Please repeat, from the entries that follow, the lines from the one containing "nba_wf A /\" through the one containing "Definition dpa_colors_positive (Sigma" exactly, adding nothing.

SOURCE DATA:
^^^^^^^^
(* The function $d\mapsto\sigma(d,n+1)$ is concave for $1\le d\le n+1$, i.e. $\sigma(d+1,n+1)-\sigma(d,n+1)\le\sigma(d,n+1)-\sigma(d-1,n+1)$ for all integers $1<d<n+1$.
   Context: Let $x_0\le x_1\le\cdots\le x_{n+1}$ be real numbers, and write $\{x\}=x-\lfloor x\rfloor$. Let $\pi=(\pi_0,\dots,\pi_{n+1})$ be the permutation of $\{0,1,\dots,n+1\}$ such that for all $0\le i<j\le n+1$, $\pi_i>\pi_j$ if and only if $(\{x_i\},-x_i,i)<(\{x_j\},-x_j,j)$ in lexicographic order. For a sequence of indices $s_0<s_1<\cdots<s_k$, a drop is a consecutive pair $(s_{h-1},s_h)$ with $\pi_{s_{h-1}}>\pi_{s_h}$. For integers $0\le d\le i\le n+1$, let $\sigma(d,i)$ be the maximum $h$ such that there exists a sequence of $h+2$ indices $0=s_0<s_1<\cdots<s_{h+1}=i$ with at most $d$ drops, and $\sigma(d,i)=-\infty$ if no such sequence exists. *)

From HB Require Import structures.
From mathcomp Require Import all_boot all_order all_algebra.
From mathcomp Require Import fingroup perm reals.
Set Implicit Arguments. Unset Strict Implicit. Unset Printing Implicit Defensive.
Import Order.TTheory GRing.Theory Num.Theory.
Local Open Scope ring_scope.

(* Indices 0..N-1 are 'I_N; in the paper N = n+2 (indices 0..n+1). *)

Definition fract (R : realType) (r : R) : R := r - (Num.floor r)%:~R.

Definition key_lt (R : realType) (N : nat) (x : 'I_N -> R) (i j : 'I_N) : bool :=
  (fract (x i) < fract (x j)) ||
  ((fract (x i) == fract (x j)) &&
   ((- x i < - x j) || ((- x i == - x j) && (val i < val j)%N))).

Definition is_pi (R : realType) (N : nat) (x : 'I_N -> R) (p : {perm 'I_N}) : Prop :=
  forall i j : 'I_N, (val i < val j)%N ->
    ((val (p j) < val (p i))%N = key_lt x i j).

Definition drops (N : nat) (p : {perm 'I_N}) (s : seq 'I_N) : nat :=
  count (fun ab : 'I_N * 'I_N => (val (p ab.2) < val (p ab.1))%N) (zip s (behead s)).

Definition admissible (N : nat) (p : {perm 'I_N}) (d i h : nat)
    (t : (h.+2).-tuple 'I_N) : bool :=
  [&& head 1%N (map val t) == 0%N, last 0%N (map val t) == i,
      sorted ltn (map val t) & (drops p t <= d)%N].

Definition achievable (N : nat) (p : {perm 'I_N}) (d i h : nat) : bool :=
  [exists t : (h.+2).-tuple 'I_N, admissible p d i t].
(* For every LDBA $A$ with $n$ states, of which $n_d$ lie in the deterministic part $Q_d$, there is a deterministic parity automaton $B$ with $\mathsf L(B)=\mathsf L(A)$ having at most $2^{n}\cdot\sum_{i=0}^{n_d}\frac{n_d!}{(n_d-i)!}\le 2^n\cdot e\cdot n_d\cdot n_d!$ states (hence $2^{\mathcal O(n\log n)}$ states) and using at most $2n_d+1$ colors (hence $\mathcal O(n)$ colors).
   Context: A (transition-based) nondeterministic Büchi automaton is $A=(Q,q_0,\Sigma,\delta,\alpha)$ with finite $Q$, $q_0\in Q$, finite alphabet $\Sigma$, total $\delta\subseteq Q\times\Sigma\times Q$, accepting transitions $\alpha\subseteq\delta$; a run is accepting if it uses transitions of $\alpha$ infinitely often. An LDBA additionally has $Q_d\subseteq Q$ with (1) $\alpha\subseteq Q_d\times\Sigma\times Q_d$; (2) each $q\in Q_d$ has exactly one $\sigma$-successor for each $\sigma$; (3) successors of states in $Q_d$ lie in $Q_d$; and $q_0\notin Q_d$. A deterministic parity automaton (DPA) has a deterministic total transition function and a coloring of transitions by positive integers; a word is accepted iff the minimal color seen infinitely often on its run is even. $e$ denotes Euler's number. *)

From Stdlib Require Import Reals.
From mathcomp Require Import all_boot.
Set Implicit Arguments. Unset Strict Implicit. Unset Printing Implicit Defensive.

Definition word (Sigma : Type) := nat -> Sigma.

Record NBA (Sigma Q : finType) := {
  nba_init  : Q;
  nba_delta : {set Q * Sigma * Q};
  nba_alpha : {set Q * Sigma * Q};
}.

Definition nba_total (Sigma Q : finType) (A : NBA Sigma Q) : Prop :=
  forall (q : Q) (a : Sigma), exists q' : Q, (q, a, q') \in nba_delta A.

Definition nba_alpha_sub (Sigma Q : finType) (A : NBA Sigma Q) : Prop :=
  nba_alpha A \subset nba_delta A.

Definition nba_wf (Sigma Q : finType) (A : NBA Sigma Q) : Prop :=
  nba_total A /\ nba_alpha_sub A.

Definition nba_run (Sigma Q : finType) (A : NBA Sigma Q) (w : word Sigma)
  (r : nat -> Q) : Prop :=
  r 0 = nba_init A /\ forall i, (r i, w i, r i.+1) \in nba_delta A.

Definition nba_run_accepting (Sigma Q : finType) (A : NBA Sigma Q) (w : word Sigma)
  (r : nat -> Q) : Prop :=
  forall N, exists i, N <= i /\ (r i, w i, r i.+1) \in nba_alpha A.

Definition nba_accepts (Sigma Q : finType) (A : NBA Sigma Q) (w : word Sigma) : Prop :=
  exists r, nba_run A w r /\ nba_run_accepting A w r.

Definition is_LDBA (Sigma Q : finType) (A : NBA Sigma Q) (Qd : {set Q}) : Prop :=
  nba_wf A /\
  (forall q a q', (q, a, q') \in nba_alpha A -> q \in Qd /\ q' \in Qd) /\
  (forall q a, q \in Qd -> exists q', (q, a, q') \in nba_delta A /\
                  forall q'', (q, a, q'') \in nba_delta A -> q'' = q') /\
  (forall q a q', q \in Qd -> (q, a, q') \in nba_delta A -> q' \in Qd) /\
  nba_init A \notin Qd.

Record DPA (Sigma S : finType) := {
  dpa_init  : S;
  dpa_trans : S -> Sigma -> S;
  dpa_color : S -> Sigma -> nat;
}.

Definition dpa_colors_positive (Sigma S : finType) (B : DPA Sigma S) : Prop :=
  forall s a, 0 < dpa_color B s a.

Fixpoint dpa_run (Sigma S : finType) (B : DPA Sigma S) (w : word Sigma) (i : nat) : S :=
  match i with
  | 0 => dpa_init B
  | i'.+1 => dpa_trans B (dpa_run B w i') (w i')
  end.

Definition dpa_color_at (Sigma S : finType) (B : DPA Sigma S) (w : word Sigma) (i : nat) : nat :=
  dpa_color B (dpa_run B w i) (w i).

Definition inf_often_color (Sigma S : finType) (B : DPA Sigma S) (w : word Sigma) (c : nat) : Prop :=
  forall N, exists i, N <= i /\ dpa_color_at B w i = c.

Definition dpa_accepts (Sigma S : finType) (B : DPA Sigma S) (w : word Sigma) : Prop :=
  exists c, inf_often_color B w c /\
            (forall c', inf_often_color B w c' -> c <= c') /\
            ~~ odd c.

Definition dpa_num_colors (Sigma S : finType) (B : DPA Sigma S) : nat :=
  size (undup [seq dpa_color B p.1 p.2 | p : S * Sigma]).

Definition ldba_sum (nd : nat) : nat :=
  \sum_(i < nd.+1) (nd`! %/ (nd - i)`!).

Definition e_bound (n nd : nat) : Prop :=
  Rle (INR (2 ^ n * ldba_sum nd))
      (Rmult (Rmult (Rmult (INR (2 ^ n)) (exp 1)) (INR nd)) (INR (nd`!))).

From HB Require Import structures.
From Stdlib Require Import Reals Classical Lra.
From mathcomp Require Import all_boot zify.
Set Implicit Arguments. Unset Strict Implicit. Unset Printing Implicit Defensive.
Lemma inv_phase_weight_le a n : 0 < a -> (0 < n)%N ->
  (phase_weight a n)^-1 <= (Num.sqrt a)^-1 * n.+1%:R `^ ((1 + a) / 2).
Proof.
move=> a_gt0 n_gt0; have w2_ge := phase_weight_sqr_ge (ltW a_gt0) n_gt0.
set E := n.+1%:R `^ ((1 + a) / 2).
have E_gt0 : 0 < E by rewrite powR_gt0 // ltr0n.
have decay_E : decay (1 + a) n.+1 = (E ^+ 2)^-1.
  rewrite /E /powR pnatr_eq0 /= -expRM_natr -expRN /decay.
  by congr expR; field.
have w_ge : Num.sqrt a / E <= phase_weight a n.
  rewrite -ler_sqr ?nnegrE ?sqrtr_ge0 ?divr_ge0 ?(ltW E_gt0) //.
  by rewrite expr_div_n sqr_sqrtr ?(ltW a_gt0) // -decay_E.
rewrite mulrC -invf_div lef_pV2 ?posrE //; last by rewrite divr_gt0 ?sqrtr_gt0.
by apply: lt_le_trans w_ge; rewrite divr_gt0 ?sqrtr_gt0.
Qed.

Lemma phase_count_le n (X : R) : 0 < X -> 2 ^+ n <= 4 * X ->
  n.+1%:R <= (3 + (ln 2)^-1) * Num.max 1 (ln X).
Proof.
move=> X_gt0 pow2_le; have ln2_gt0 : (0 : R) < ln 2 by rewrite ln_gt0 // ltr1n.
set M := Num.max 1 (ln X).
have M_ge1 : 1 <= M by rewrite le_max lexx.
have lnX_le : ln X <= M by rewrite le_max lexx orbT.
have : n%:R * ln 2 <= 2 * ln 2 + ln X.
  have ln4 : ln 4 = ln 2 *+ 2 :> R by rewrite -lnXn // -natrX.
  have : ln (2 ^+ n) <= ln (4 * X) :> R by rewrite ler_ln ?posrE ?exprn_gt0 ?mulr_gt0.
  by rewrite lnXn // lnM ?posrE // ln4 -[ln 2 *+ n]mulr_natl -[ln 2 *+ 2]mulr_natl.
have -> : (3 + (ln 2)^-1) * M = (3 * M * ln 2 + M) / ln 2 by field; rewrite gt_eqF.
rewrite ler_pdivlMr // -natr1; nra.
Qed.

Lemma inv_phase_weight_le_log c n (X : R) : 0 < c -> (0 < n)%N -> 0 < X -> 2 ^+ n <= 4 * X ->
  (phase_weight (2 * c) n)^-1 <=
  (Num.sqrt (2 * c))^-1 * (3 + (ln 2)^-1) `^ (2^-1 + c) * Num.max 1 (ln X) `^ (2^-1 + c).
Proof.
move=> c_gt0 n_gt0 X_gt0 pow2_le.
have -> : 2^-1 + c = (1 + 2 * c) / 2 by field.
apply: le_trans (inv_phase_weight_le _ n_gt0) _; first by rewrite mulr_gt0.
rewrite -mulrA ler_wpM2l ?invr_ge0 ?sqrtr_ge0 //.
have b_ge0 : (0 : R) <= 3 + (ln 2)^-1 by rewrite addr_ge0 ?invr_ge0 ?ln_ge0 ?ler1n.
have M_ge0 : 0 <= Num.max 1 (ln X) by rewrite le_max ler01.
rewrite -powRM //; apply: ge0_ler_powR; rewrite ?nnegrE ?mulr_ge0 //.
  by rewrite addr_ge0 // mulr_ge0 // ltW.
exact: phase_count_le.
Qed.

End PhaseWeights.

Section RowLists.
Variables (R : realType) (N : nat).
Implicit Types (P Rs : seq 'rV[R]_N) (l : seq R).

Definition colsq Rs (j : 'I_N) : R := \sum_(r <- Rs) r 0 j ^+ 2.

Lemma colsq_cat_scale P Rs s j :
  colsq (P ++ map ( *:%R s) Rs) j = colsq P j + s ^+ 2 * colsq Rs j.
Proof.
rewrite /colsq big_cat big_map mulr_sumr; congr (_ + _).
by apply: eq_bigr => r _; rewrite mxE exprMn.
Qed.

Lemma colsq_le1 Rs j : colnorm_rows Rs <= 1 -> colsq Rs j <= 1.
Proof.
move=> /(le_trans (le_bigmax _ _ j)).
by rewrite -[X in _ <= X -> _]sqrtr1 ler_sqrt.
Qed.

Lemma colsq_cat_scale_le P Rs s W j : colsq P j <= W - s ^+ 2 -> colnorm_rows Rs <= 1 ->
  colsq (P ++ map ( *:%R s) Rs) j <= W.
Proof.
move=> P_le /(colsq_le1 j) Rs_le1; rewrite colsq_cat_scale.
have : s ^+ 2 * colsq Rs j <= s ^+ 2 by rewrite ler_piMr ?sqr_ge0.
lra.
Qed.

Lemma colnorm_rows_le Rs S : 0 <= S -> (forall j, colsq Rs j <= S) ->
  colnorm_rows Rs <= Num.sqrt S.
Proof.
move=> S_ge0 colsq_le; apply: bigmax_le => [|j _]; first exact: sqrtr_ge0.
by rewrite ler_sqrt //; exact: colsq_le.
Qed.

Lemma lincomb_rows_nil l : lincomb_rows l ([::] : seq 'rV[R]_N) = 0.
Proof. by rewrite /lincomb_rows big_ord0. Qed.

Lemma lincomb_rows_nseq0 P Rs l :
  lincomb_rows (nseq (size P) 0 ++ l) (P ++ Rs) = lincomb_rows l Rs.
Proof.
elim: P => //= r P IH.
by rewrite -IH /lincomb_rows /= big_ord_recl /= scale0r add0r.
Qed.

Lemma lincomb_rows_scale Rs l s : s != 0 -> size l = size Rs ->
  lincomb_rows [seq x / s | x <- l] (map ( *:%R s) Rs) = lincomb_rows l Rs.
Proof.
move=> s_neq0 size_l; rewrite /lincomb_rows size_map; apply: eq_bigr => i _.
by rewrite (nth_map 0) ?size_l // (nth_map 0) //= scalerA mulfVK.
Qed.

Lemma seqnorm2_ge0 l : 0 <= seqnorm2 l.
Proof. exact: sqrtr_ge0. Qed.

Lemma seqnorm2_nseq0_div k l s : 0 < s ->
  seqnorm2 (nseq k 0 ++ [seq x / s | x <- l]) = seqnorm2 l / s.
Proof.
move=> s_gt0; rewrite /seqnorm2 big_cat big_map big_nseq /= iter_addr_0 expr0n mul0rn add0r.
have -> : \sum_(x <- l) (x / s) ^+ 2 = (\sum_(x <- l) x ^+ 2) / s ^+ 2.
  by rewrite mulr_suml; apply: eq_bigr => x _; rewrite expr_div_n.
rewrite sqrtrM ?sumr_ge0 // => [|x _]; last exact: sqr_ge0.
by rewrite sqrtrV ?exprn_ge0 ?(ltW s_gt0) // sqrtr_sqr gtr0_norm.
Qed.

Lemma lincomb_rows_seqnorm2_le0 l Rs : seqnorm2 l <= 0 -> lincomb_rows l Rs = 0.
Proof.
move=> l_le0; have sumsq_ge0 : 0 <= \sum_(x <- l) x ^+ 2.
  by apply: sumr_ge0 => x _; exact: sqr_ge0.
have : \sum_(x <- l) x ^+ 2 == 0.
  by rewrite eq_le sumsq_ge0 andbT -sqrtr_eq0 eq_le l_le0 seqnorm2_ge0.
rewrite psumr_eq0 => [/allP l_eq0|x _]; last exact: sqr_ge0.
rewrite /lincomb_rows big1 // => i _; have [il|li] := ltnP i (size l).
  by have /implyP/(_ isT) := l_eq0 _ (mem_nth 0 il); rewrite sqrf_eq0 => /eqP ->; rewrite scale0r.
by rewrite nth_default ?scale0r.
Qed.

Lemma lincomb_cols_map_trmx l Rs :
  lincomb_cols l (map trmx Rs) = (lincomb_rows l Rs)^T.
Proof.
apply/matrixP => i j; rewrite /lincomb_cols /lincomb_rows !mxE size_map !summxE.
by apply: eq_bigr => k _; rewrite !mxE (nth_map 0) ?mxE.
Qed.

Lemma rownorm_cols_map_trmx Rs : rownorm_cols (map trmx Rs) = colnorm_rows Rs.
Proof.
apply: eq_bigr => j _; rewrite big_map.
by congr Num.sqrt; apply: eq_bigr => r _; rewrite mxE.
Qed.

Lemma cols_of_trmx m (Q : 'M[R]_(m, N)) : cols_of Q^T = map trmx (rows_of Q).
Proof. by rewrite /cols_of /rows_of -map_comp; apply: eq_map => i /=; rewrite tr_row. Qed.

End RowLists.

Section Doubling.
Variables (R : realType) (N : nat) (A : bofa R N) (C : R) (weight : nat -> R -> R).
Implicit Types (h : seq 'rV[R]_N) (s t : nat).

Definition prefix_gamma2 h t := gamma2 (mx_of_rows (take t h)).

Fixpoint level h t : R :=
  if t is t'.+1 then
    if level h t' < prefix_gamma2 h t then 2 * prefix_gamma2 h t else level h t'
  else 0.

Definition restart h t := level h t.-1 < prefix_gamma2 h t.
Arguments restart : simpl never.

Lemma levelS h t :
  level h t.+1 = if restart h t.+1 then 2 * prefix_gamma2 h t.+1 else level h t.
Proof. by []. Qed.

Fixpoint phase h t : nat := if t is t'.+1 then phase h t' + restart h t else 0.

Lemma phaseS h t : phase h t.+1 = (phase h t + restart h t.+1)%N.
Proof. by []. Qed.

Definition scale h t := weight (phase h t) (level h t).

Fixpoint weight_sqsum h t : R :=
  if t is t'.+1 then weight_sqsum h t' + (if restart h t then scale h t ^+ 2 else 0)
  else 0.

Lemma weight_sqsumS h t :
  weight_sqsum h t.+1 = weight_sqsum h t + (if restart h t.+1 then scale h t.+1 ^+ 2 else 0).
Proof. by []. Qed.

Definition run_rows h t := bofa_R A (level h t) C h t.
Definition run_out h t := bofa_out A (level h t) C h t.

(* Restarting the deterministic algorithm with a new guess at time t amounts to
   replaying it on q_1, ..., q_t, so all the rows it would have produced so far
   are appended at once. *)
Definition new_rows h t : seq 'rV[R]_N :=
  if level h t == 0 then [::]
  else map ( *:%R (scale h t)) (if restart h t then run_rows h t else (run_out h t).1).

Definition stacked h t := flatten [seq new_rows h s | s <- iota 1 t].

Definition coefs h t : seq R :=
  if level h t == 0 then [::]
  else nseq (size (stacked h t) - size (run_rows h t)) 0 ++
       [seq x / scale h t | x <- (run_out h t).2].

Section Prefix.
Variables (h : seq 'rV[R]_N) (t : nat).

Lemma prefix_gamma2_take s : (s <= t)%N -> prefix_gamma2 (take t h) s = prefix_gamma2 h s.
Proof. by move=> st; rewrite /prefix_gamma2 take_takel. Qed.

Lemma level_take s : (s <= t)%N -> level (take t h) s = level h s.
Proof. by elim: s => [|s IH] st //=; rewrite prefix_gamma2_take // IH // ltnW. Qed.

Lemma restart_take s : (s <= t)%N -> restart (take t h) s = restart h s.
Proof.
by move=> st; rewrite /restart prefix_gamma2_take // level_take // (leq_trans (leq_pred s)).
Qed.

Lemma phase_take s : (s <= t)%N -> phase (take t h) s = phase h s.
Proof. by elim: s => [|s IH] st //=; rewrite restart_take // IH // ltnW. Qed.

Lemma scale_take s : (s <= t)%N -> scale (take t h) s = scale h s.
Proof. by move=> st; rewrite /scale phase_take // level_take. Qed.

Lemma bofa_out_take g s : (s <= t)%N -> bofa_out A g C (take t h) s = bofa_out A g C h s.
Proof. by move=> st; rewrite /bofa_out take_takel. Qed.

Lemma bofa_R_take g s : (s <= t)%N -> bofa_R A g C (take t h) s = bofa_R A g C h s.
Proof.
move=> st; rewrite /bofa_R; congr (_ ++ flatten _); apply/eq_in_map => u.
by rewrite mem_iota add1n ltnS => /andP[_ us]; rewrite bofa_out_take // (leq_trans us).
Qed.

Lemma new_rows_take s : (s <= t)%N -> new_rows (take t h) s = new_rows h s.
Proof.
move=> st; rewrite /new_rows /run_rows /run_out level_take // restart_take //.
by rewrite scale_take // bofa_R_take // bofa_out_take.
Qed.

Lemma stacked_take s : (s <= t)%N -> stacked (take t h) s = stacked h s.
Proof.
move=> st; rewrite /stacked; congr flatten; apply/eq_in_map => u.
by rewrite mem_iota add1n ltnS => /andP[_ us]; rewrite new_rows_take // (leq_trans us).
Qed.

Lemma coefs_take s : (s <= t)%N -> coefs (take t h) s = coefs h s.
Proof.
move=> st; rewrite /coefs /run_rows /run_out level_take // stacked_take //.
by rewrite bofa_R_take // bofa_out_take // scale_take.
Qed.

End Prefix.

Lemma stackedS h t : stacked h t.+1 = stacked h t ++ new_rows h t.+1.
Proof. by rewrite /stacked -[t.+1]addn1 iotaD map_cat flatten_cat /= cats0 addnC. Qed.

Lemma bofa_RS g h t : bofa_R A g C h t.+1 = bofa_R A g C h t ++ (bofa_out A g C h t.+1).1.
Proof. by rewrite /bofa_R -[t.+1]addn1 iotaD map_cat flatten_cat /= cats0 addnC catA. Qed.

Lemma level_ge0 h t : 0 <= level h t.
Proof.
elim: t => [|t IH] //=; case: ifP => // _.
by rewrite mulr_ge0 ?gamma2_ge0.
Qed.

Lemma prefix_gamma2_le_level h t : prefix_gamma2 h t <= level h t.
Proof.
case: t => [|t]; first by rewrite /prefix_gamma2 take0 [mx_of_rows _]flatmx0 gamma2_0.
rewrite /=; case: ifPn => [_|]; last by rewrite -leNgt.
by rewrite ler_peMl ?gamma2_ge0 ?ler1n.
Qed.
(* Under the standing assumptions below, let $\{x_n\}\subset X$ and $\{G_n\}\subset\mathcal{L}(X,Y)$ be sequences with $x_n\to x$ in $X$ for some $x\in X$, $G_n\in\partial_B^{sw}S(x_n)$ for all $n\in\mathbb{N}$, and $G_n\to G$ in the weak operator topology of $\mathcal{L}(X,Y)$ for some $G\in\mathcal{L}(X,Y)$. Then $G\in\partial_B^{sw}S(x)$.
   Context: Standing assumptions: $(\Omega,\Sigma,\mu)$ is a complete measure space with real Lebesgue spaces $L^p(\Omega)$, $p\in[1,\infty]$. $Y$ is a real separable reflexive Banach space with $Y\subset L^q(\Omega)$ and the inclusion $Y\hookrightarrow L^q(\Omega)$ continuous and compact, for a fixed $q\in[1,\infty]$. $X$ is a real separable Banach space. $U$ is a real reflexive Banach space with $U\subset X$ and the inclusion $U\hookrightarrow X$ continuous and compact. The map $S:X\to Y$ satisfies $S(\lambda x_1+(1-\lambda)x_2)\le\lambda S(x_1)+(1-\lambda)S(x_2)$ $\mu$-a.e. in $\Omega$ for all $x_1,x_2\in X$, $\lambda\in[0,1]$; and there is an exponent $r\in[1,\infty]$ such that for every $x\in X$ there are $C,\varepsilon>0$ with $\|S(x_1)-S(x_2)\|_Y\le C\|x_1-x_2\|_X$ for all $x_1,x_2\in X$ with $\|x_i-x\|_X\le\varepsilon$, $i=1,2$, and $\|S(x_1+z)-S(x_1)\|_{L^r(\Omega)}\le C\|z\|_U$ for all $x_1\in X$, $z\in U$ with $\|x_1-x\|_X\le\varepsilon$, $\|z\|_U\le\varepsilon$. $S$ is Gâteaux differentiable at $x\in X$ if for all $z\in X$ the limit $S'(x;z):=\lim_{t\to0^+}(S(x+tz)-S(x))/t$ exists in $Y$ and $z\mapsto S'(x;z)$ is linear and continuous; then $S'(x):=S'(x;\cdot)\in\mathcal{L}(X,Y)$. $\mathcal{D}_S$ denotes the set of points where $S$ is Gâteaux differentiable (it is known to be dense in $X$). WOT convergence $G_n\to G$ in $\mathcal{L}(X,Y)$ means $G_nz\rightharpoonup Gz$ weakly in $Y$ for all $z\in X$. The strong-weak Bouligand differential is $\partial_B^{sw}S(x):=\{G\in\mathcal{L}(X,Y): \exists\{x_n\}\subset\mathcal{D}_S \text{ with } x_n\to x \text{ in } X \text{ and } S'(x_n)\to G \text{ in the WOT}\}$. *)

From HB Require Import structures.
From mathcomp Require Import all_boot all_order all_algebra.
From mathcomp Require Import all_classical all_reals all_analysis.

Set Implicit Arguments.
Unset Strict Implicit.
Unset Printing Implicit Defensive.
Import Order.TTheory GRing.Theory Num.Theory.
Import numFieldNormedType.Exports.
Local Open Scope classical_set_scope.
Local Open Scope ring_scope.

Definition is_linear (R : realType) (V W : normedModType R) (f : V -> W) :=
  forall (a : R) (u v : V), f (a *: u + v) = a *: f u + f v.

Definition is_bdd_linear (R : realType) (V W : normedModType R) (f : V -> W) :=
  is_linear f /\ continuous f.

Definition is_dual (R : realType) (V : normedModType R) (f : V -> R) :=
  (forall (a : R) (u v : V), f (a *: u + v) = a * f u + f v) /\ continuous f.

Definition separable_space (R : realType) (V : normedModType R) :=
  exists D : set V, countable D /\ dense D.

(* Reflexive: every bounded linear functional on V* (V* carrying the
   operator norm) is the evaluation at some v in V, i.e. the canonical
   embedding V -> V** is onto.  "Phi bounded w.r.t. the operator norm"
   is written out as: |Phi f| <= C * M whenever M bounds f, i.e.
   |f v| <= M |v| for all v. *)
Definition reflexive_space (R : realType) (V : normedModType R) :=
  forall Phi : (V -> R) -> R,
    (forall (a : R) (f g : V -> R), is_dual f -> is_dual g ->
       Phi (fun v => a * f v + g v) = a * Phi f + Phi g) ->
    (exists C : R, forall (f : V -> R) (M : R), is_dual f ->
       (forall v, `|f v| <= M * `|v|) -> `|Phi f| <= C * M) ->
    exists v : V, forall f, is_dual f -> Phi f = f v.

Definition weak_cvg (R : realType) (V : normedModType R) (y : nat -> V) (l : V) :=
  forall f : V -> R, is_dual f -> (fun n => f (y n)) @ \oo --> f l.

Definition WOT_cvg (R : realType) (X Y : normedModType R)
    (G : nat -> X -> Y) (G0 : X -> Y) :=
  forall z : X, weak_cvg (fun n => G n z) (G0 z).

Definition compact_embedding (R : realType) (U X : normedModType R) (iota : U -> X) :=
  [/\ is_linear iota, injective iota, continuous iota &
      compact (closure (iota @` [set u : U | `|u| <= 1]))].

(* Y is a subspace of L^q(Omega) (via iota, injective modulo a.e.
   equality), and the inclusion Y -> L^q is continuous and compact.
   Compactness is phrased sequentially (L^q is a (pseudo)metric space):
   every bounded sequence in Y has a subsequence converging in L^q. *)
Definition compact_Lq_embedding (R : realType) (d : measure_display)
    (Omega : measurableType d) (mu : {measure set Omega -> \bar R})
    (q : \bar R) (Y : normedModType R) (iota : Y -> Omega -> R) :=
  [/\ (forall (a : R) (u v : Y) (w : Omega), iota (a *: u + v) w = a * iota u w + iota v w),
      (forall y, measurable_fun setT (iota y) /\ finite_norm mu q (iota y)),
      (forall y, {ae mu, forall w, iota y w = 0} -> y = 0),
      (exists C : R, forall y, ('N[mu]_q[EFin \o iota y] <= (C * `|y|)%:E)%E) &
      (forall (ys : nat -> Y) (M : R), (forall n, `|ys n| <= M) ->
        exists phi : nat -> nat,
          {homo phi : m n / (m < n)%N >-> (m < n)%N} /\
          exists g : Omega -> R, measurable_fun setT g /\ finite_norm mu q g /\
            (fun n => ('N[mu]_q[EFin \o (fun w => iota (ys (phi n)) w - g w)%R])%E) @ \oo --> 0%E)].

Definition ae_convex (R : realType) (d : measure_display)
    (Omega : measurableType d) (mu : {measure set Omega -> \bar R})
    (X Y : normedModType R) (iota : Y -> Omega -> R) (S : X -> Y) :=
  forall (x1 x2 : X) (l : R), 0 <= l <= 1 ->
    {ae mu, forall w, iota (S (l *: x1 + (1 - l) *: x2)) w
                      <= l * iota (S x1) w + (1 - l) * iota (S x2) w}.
^^^^^^^^
RESPONSE TO THIS TASK:
  nba_wf A /\
  (forall q a q', (q, a, q') \in nba_alpha A -> q \in Qd /\ q' \in Qd) /\
  (forall q a, q \in Qd -> exists q', (q, a, q') \in nba_delta A /\
                  forall q'', (q, a, q'') \in nba_delta A -> q'' = q') /\
  (forall q a q', q \in Qd -> (q, a, q') \in nba_delta A -> q' \in Qd) /\
  nba_init A \notin Qd.

Record DPA (Sigma S : finType) := {
  dpa_init  : S;
  dpa_trans : S -> Sigma -> S;
  dpa_color : S -> Sigma -> nat;
}.

Definition dpa_colors_positive (Sigma S : finType) (B : DPA Sigma S) : Prop :=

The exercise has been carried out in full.